Barak Ravid
Jonathan Lis
Zionist Camp leader Isaac Herzog.
Zionist Camp leader Isaac Herzog.Credit: Rami Shlush
Barak Ravid
Jonathan Lis

Labor Party leader Isaac Herzog said on Saturday that Israel needs to maintain its strategic relationship with the U.S. in order to achieve real security. Herzog's remarks came amid a crisis between Israel and the U.S. over Prime Minister Benjamin Netanyahu's planned speech to Congress.

"The definition of true national security, as I see it, requires much more than just guns, essential as they are," Herzog said, during an address to the Munich Security Conference 2015 in Germany.

"It also requires a strong economy, a strong society and strong alliances, like the strategic alliance Israel has with the United States of America.

"The art of diplomacy is not in speeches but in intense, intimate coordination with allies who share the same basic interests."

The Likud, in response, said Herzog's "behavior in Munich constituted an irresponsible crossing of red lines."

Herzog met informally with U.S. Vice President Joe Biden, who announced on Friday that he would miss Netanyahu's speech to Congress, and Secretary of State John Kerry on the fringes of the conference.

He also met with European Union Foreign Affairs chief Federica Mogherini, German Foreign Minister Frank-Walter Steinmeier and British Foreign Minister Philip Hammond.

Herzog stressed during his speech that he would never accept a nuclear Iran and that it was Israel's "destiny and duty" to protect the Jewish people – "alone if we have to."

Israel, he added, did not ask anyone to fight its battles, "yet we Israelis know that a nation is stronger when it stands with allies. It is more important than ever that all of us here stand strong together."

The head of the Zionist Camp said that an international agreement was the preferred way of preventing Iran from gaining nuclear weapons. But he stressed that such an agreement must "ensure that Iran will never develop a nuclear bomb."

"We must focus on the concrete parameters of the agreement while keeping all options on the table and deterring Iran from any encroachment."

"If Iran wants to live in peace, the Iranian people will not find Israel their enemy," Herzog stated. "But we will not allow an extremist regime to develop nuclear weapons and we spare no effort to stop it."

If elected prime minister in the upcoming elections, Herzog said, he would act to implement the United Nations Security Council resolution for the disarmament of Gaza in return for a serious reconstruction effort.

"The powder keg of Gaza can explode at any minute," he said. "Gaza desperately requires economic reconstruction."
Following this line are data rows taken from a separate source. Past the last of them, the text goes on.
(* Let $C_{t-1}\in\mathbb{R}^{d\times d}$ be symmetric positive semidefinite, $A_t\in\mathbb{R}^{d'\times d}$, and $Q_t\in\mathbb{R}^{d'\times d'}$ symmetric with $Q_t\succeq q_{\min}I$ for some $q_{\min}>0$. Let $P_t=A_tC_{t-1}A_t^\top+Q_t$ and let $P_{t-1}\in\mathbb{R}^{d\times d}$ be symmetric positive definite. Assume $A_t^\top A_t\preceq a_{\max}I$ and $P_{t-1}\preceq p_{\max}I$, and that $\gamma=\frac{a_{\max}p_{\max}}{q_{\min}}<1$. Then, with $M_t=P_t^{-1}$ and $M_{t-1}=P_{t-1}^{-1}$, $$A_t^\top M_tA_t\preceq\gamma M_{t-1}.$$
   Context: $\preceq$ denotes the Loewner order on symmetric matrices. This gives a sufficient condition for the contraction assumption $A_t^\top M_tA_t\preceq\gamma M_{t-1}$ with $\gamma\in[0,1)$ used in the tracking analysis of a recursive Gaussian discrepancy update whose pre-update covariance is propagated as $P_t=A_tC_{t-1}A_t^\top+Q_t$ (covariance inflation $Q_t$). *)

From mathcomp Require Import all_boot all_order all_algebra.
Set Implicit Arguments. Unset Strict Implicit. Unset Printing Implicit Defensive.
Import Order.TTheory GRing.Theory Num.Theory.
Local Open Scope ring_scope.

Definition qform (R : numDomainType) (n : nat) (A : 'M[R]_n) (x : 'cV[R]_n) : R :=
  (x^T *m A *m x) 0 0.

Definition loewner_le (R : numDomainType) (n : nat) (A B : 'M[R]_n) : Prop :=
  forall x : 'cV[R]_n, qform A x <= qform B x.

Definition sym_mx (R : numDomainType) (n : nat) (A : 'M[R]_n) : Prop :=
  A^T = A.

Definition psd_mx (R : numDomainType) (n : nat) (A : 'M[R]_n) : Prop :=
  sym_mx A /\ loewner_le 0 A.

Definition pd_mx (R : numDomainType) (n : nat) (A : 'M[R]_n) : Prop :=
  sym_mx A /\ forall x : 'cV[R]_n, x != 0 -> 0 < qform A x.

From mathcomp Require Import all_boot all_order all_algebra.
From mathcomp Require Import lra.
Import Order.TTheory GRing.Theory Num.Theory.
Local Open Scope ring_scope.
Set Implicit Arguments. Unset Strict Implicit.

(* With y = A x, the quadratic form of A^T P^-1 A at x is that of P^-1 at y.
   Since P = A C A^T + Q >= qmin I, one has P^-1 <= qmin^-1 I, so it is at most
   |A x|^2 / qmin <= amax |x|^2 / qmin; and Pprev <= pmax I gives
   |x|^2 <= pmax x^T Pprev^-1 x. *)

Section Dot.
Variables (R : realDomainType) (n : nat).
Implicit Types (u v w : 'cV[R]_n) (M : 'M[R]_n).

Definition dot u v : R := (u^T *m v) 0 0.

Lemma dotC u v : dot u v = dot v u.
Proof. by rewrite /dot -[u^T *m v]trmxK trmx_mul trmxK mxE. Qed.

Lemma dotDr u v w : dot u (v + w) = dot u v + dot u w.
Proof. by rewrite /dot mulmxDr mxE. Qed.

Lemma dotDl u v w : dot (v + w) u = dot v u + dot w u.
Proof. by rewrite dotC dotDr !(dotC u). Qed.

Lemma dotZr c u v : dot u (c *: v) = c * dot u v.
Proof. by rewrite /dot -scalemxAr mxE. Qed.

Lemma dotZl c u v : dot (c *: v) u = c * dot v u.
Proof. by rewrite dotC dotZr dotC. Qed.

Lemma dotNr u v : dot u (- v) = - dot u v.
Proof. by rewrite -scaleN1r dotZr mulN1r. Qed.

Lemma dotNl u v : dot (- v) u = - dot v u.
Proof. by rewrite dotC dotNr dotC. Qed.

Lemma dot_ge0 u : 0 <= dot u u.
Proof. by rewrite /dot mxE sumr_ge0 // => i _; rewrite mxE -expr2 sqr_ge0. Qed.

Lemma dot_gt0 u : u != 0 -> 0 < dot u u.
Proof.
move=> u_nz; rewrite lt_def dot_ge0 andbT; apply: contra u_nz.
rewrite /dot mxE psumr_eq0 => [/allP u0|i _]; last by rewrite mxE -expr2 sqr_ge0.
apply/eqP/matrixP => i j; rewrite (ord1 j) !mxE.
by have := u0 i (mem_index_enum _); rewrite /= mxE mulf_eq0 orbb => /eqP.
Qed.

Lemma qformE M u : qform M u = dot u (M *m u).
Proof. by rewrite /qform /dot mulmxA. Qed.

Lemma qform0l u : qform 0 u = 0.
Proof. by rewrite /qform mulmx0 mul0mx mxE. Qed.

Lemma qform0r M : qform M 0 = 0.
Proof. by rewrite /qform mulmx0 mxE. Qed.

Lemma qform_scalar c u : qform c%:M u = c * dot u u.
Proof. by rewrite qformE mul_scalar_mx dotZr. Qed.

Lemma qformZ c M u : qform (c *: M) u = c * qform M u.
Proof. by rewrite /qform -scalemxAr -scalemxAl mxE. Qed.

Lemma qformD M N u : qform (M + N) u = qform M u + qform N u.
Proof. by rewrite !qformE mulmxDl dotDr. Qed.

Lemma dot_sym M u v : sym_mx M -> dot u (M *m v) = dot (M *m u) v.
Proof. by move=> M_sym; rewrite /dot trmx_mul M_sym mulmxA. Qed.

End Dot.

Lemma qform_conj (R : realDomainType) m n (B : 'M[R]_(m, n)) (M : 'M[R]_m) x :
  qform (B^T *m M *m B) x = qform M (B *m x).
Proof. by rewrite /qform trmx_mul !mulmxA. Qed.

Lemma qform_gram (R : realDomainType) m n (B : 'M[R]_(m, n)) x :
  qform (B^T *m B) x = dot (B *m x) (B *m x).
Proof. by rewrite -[B^T]mulmx1 qform_conj qform_scalar mul1r. Qed.

Section Loewner.
Variable R : realFieldType.

Lemma loewner_le_trans n (M N L : 'M[R]_n) :
  loewner_le M N -> loewner_le N L -> loewner_le M L.
Proof. by move=> MN NL x; exact: le_trans (MN x) (NL x). Qed.

Lemma loewner_le_addl n (M N : 'M[R]_n) : loewner_le 0 N -> loewner_le M (N + M).
Proof. by move=> N_ge0 x; rewrite qformD lerDr -(qform0l x) N_ge0. Qed.

Lemma loewner_ge0_conj m n (B : 'M[R]_(m, n)) (C : 'M[R]_n) :
  loewner_le 0 C -> loewner_le 0 (B *m C *m B^T).
Proof.
move=> C_ge0 x; rewrite -[B in B *m C]trmxK qform_conj.
by rewrite qform0l -(qform0l (B^T *m x)) C_ge0.
Qed.

Lemma qform_pos_unitmx n (M : 'M[R]_n) :
  (forall v, v != 0 -> 0 < qform M v) -> M \in unitmx.
Proof.
move=> M_pos; rewrite -row_free_unit -kermx_eq0; apply/eqP/row_matrixP => i.
set u := row i (kermx M); rewrite row0; apply/eqP; apply: contraT => u_nz.
have uM0 : u *m M = 0 by apply/sub_kermxP; exact: row_sub.
by have := M_pos u^T; rewrite trmx_eq0 u_nz /qform trmxK uM0 mul0mx mxE ltxx => /(_ isT).
Qed.

Lemma loewner_scalar_invmx_le1 n (M : 'M[R]_n) q :
  0 < q -> loewner_le q%:M M -> loewner_le (q *: invmx M) 1%:M.
Proof.
move=> q_gt0 M_ge y.
have M_unit : M \in unitmx.
  apply: qform_pos_unitmx => v v_nz; apply: lt_le_trans (M_ge v).
  by rewrite qform_scalar mulr_gt0 ?dot_gt0.
set z := invmx M *m y; have Mz : M *m z = y by rewrite mulKVmx.
have := M_ge z; rewrite qform_scalar qformE Mz (dotC z y) => zMz.
have := dot_ge0 (y - q *: z).
rewrite !(dotDl, dotDr, dotNl, dotNr, dotZl, dotZr) (dotC z y) => sq_ge0.
rewrite qformZ qformE -/z qform_scalar mul1r.
(* 0 <= |y - q z|^2 and q |z|^2 <= z.y give q (y.z) <= |y|^2 *)
nra.
Qed.

Lemma loewner_scalar_invmx_ge1 n (M : 'M[R]_n) p :
  pd_mx M -> loewner_le M p%:M -> loewner_le 1%:M (p *: invmx M).
Proof.
move=> [M_sym M_pos] M_le x.
have [->|x_nz] := eqVneq x 0; first by rewrite !qform0r.
have M_unit := qform_pos_unitmx M_pos.
set z := invmx M *m x; have Mz : M *m z = x by rewrite mulKVmx.
have := M_pos x x_nz; have := M_le x; have := dot_gt0 x_nz.
rewrite qform_scalar qformE => x_gt0 xMx_le xMx_gt0.
have : 0 <= qform M (p *: z - x).
  have [->|v_nz] := eqVneq (p *: z - x) 0; first by rewrite qform0r.
  exact/ltW/M_pos.
rewrite qformE mulmxDr mulmxN -scalemxAr Mz.
rewrite !(dotDl, dotDr, dotNl, dotNr, dotZl, dotZr) (dot_sym z x M_sym) Mz.
rewrite (dotC z x) => sq_ge0.
rewrite qform_scalar mul1r qformZ qformE -/z.
(* 0 <= (p z - x)^T M (p z - x) together with p > 0 gives |x|^2 <= p (x.z) *)
nra.
Qed.

End Loewner.

Theorem proposition6 (R : realFieldType) (d d' : nat)
  (C : 'M[R]_d) (A : 'M[R]_(d', d)) (Q : 'M[R]_d') (Pprev : 'M[R]_d)
  (qmin amax pmax : R) :
  psd_mx C ->
  sym_mx Q ->
  0 < qmin ->
  loewner_le (qmin%:M) Q ->
  pd_mx Pprev ->
  loewner_le (A^T *m A) (amax%:M) ->
  loewner_le Pprev (pmax%:M) ->
  amax * pmax / qmin < 1 ->
  let P := A *m C *m A^T + Q in
  let gamma := amax * pmax / qmin in
  loewner_le (A^T *m invmx P *m A) (gamma *: invmx Pprev).
Proof.
move=> [_ C_ge0] _ qmin_gt0 Q_ge Pprev_pd AtA_le Pprev_le _ P gamma x.
have [->|x_nz] := eqVneq x 0; first by rewrite !qform0r.
have P_ge : loewner_le qmin%:M P.
  apply: loewner_le_trans Q_ge _; exact: loewner_le_addl (loewner_ge0_conj A C_ge0).
have := loewner_scalar_invmx_le1 qmin_gt0 P_ge (A *m x).
have := loewner_scalar_invmx_ge1 Pprev_pd Pprev_le x.
have := AtA_le x; rewrite qform_gram.
rewrite qformZ qform_conj !qformZ !qform_scalar !mul1r /gamma.
move=> Ax_le x_le Pinv_le.
have amax_ge0 : 0 <= amax.
  by rewrite -(pmulr_lge0 _ (dot_gt0 x_nz)) (le_trans (dot_ge0 _) Ax_le).
rewrite mulrAC ler_pdivlMr // mulrC -mulrA.
exact: le_trans Pinv_le (le_trans Ax_le (ler_wpM2l amax_ge0 x_le)).
Qed.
Herzog added that one of his first foreign policy initiatives will be "to work with our regional allies, and with our strategic partners, towards a binding resolution calling for the demilitarization of the Gaza strip, in exchange for very significant reconstruction, a kind of a mini-Marshall Plan if you will. This with the aim of bringing quiet and tranquility to our border with Gaza for years to come."

Regarding peace with the Palestinians, he said that he was committed to a two-state solution. If elected prime minister, he stressed, he will act to resume the peace process "in coordination with a strong regional platform."

He attacked what he said was the "counter-productive" step of the Palestinian Authority in threatening to take Israel to the International Criminal Court in The Hague.

"We will never allow our nation, and our IDF troops, to be drawn into a legal and political farce at the ICC," he said. "This is not the way forward."

The Likud was quick to blast Herzog's trip. "While the Prime Minister seeks to prevent a dangerous agreement between the powers and Iran, the opposition head chose to weaken Israel's standing in the international arena," a statement read.

"The good of the state demands that the differences between the left-wing and the Likud be smoothed out here, at home, in front of the Israeli voter. Instead, [Herzog] is demeaning himself before the pressure of the international community, running to Munich for the sake of his personal political considerations, in order to slander the prime minister of Israel, while hurting national and security interests."